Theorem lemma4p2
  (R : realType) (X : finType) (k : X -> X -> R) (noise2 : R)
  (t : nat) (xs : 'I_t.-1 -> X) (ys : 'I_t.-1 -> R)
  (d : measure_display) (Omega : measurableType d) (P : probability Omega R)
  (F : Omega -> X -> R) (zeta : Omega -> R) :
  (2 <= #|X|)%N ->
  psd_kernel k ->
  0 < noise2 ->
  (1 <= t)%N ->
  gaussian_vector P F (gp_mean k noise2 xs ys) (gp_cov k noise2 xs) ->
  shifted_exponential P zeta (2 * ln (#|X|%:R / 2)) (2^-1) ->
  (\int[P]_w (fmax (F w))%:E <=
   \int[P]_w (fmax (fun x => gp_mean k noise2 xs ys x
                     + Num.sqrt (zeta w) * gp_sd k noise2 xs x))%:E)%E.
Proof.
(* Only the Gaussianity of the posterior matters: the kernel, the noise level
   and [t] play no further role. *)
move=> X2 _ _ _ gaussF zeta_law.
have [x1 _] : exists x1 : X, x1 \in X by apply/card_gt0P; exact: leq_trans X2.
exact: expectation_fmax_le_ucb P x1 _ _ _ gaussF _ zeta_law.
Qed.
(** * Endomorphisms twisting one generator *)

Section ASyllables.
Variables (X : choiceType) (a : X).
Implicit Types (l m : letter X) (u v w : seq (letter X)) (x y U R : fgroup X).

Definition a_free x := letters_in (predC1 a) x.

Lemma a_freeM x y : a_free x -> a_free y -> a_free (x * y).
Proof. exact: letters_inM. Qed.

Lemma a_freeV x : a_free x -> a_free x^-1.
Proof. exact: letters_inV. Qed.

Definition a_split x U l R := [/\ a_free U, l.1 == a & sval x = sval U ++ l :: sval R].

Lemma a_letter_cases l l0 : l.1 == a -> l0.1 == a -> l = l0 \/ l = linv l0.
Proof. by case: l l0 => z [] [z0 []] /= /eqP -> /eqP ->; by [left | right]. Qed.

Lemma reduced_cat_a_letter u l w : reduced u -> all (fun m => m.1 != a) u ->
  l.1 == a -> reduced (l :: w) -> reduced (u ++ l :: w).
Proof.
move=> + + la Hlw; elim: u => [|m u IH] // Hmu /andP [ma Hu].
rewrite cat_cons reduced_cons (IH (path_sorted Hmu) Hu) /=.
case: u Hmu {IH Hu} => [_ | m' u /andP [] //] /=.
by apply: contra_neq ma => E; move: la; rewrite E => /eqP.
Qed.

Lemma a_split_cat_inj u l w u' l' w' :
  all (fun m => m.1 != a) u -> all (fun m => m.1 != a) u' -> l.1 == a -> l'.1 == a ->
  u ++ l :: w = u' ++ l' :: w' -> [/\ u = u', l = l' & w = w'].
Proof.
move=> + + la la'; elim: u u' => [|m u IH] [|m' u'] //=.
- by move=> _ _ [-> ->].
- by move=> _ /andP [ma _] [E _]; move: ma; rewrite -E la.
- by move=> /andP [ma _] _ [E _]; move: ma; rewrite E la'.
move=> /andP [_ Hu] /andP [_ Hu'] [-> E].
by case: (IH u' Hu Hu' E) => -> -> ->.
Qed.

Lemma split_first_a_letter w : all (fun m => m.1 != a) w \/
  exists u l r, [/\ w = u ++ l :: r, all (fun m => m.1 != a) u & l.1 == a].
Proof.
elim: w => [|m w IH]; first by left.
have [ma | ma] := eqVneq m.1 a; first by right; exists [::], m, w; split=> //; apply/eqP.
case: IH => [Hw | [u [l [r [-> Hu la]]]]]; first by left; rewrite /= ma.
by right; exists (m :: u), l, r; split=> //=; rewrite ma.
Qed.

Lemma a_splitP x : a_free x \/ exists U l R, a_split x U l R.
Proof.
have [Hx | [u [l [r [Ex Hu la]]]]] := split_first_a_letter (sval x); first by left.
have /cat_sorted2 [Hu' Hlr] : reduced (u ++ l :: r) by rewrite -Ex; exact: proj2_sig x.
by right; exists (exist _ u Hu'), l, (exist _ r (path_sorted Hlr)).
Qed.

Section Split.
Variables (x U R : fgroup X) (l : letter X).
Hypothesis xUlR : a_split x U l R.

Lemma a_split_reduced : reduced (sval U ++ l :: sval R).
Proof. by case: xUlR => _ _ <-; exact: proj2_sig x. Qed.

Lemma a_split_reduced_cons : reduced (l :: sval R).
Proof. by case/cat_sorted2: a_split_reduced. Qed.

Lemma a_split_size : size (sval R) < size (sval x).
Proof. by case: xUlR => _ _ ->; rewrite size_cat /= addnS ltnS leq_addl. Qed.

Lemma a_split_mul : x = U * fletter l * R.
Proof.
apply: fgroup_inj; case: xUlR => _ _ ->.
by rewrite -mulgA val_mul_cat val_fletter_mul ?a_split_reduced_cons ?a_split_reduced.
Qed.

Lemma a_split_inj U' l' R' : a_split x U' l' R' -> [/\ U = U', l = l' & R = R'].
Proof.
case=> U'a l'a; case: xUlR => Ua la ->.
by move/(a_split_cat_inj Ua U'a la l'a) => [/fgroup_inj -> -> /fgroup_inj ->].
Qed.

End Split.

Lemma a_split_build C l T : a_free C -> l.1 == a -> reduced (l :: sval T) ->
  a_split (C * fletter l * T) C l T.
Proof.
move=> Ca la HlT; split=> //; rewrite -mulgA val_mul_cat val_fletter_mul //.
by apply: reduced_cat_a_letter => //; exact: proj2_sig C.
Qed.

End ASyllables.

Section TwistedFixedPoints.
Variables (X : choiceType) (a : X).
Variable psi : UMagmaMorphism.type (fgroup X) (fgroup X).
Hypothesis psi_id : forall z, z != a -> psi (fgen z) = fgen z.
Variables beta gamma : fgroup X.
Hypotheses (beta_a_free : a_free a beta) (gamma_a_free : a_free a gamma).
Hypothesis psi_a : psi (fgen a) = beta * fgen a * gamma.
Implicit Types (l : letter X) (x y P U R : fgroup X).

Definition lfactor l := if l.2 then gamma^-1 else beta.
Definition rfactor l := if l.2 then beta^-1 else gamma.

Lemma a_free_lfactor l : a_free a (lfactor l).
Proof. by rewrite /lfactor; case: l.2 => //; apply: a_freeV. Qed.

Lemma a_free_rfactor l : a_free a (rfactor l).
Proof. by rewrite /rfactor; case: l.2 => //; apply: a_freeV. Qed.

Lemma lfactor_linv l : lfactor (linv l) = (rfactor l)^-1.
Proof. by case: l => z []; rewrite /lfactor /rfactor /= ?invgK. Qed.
- - -
(Problem description) Working through the records, copy each line in which the word "elim" appears.

(Worked solution)
move=> + + la Hlw; elim: u => [|m u IH] // Hmu /andP [ma Hu].
move=> + + la la'; elim: u u' => [|m u IH] [|m' u'] //=.
elim: w => [|m w IH]; first by left.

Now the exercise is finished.